▶ Required work:
Write out exactly the lines that run from the one containing "SchurZeta (hook p" to the end of the entries below, with both end lines included.

BEGIN Exercise data

Lemma schur_tr_hook_alternating p q (z : Z -> C) (s : nat -> nat -> C) N :
  (forall j : nat, (1 <= j <= S p)%nat -> s 1%nat j = z (Z.of_nat j - 1)%Z) ->
  (forall i : nat, (1 <= i <= S q)%nat -> s i 1%nat = z (- (Z.of_nat i - 1))%Z) ->
  schur_tr (hook p q) s N =
  Csum_list (map (fun j => Cmult (RtoC ((-1) ^ j))
    (Cmult (mzv_tr (rev (map (fun k => z (Z.of_nat j - Z.of_nat k)%Z) (seq 0 (j + q + 1)))) N)
           (mzs_tr (rev (map (fun k => z (Z.of_nat (j + 1 + k))) (seq 0 (p - j)))) N)))
    (seq 0 (S p))).
Proof.
  intros Hrow Hcol.
  assert (HX : map (fun j => s 1%nat j) (seq 1 (S p)) = hook_row z p).
  { unfold hook_row. rewrite <- seq_shift, map_map. apply map_ext_in. intros k Hk.
    apply in_seq in Hk. rewrite Hrow by lia. f_equal. lia. }
  assert (HY : map (fun i => s i 1%nat) (seq 2 q) = hook_col z q).
  { unfold hook_col. rewrite <- seq_shift, map_map. apply map_ext_in. intros k Hk.
    apply in_seq in Hk. rewrite Hcol by lia. f_equal. lia. }
  rewrite schur_tr_hook_sum_lists, HX, HY, hook_sum_lists_alternating
    by (unfold hook_row, hook_col; rewrite length_map, length_seq; reflexivity).
  apply Csum_list_ext_in. intros j Hj. apply in_seq in Hj.
  rewrite (hook_left_args p), (hook_right_args p) by lia. reflexivity.
Qed.

Section HookConvergence.
Variables (p q : nat) (z : Z -> C).
Hypothesis Hre : forall k : Z, (- Z.of_nat q <= k <= Z.of_nat p)%Z -> 1 <= Re (z k).

Lemma zconv_hook_left j : 1 < Re (z (- Z.of_nat q)%Z) -> (j <= p)%nat ->
  zconv (mzv_tr (rev (map (fun k => z (Z.of_nat j - Z.of_nat k)%Z) (seq 0 (j + q + 1))))).
Proof.
  intros Hq Hj. apply zconv_mzv_tr_rev.
  - apply Forall_forall. intros y [k [<- Hk%in_seq]]%in_map_iff. apply Hre. lia.
  - intros _. replace (j + q + 1)%nat with (S (j + q)) by lia.
    rewrite last_map_seq. replace (Z.of_nat j - Z.of_nat (0 + (j + q)))%Z
      with (- Z.of_nat q)%Z by lia. exact Hq.
Qed.

Lemma zconv_hook_right j : 1 < Re (z (Z.of_nat p)) -> (j <= p)%nat ->
  zconv (mzs_tr (rev (map (fun k => z (Z.of_nat (j + 1 + k))) (seq 0 (p - j))))).
Proof.
  intros Hp Hj. apply zconv_mzs_tr_rev.
  - apply Forall_forall. intros y [k [<- Hk%in_seq]]%in_map_iff. apply Hre. lia.
  - intros Hne. destruct (p - j)%nat as [|n] eqn:E; [contradiction|].
    rewrite last_map_seq. replace (j + 1 + (0 + n))%nat with p by lia. exact Hp.
Qed.

End HookConvergence.

Theorem theorem3p1 (p q : nat) (z : Z -> C) (s : nat -> nat -> C) :
  (forall k : Z, (- Z.of_nat q <= k <= Z.of_nat p)%Z -> 1 <= Re (z k)) ->
  1 < Re (z (Z.of_nat p)) ->
  1 < Re (z (- Z.of_nat q)%Z) ->
  (forall j : nat, (1 <= j <= S p)%nat -> s 1%nat j = z (Z.of_nat j - 1)%Z) ->
  (forall i : nat, (1 <= i <= S q)%nat -> s i 1%nat = z (- (Z.of_nat i - 1))%Z) ->
  let zl (j : nat) : list C :=
    map (fun k => z (Z.of_nat j - Z.of_nat k)%Z) (seq 0 (j + q + 1)) in
  let zr (j : nat) : list C :=
    map (fun k => z (Z.of_nat (j + 1 + k))) (seq 0 (p - j)) in
  zconv (schur_tr (hook p q) s) /\
  (forall j : nat, (j <= p)%nat ->
     zconv (mzv_tr (rev (zl j))) /\ zconv (mzs_tr (rev (zr j)))) /\
  SchurZeta (hook p q) s =
    Csum_list (map (fun j => Cmult (RtoC ((-1) ^ j))
                                   (Cmult (MZV (zl j)) (MZS (zr j))))
                   (seq 0 (S p))).
Proof.
  intros Hre Hp Hq Hrow Hcol zl zr.
  assert (Hconv : forall j, (j <= p)%nat ->
                    zconv (mzv_tr (rev (zl j))) /\ zconv (mzs_tr (rev (zr j))))
    by (intros j Hj; split; [apply (zconv_hook_left p)|apply (zconv_hook_right p q)]; auto).
  assert (Hlim := filterlim_Csum_list_mult (seq 0 (S p)) (fun j => RtoC ((-1) ^ j))
                    (fun j => mzv_tr (rev (zl j))) (fun j => mzs_tr (rev (zr j)))
                    (fun j Hj => Hconv j ltac:(apply in_seq in Hj; lia))).
  apply (filterlim_ext _ _ (fun N => eq_sym (schur_tr_hook_alternating p q z s N Hrow Hcol)))
    in Hlim.
  split; [eexists; exact Hlim|]. split; [exact Hconv|].
  unfold SchurZeta. rewrite (zlim_eq _ _ Hlim). reflexivity.
Qed.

END Exercise data

▶ Response box:
  SchurZeta (hook p q) s =
    Csum_list (map (fun j => Cmult (RtoC ((-1) ^ j))
                                   (Cmult (MZV (zl j)) (MZS (zr j))))
                   (seq 0 (S p))).
Proof.
  intros Hre Hp Hq Hrow Hcol zl zr.
  assert (Hconv : forall j, (j <= p)%nat ->
                    zconv (mzv_tr (rev (zl j))) /\ zconv (mzs_tr (rev (zr j))))
    by (intros j Hj; split; [apply (zconv_hook_left p)|apply (zconv_hook_right p q)]; auto).
  assert (Hlim := filterlim_Csum_list_mult (seq 0 (S p)) (fun j => RtoC ((-1) ^ j))
                    (fun j => mzv_tr (rev (zl j))) (fun j => mzs_tr (rev (zr j)))
                    (fun j Hj => Hconv j ltac:(apply in_seq in Hj; lia))).
  apply (filterlim_ext _ _ (fun N => eq_sym (schur_tr_hook_alternating p q z s N Hrow Hcol)))
    in Hlim.
  split; [eexists; exact Hlim|]. split; [exact Hconv|].
  unfold SchurZeta. rewrite (zlim_eq _ _ Hlim). reflexivity.
Qed.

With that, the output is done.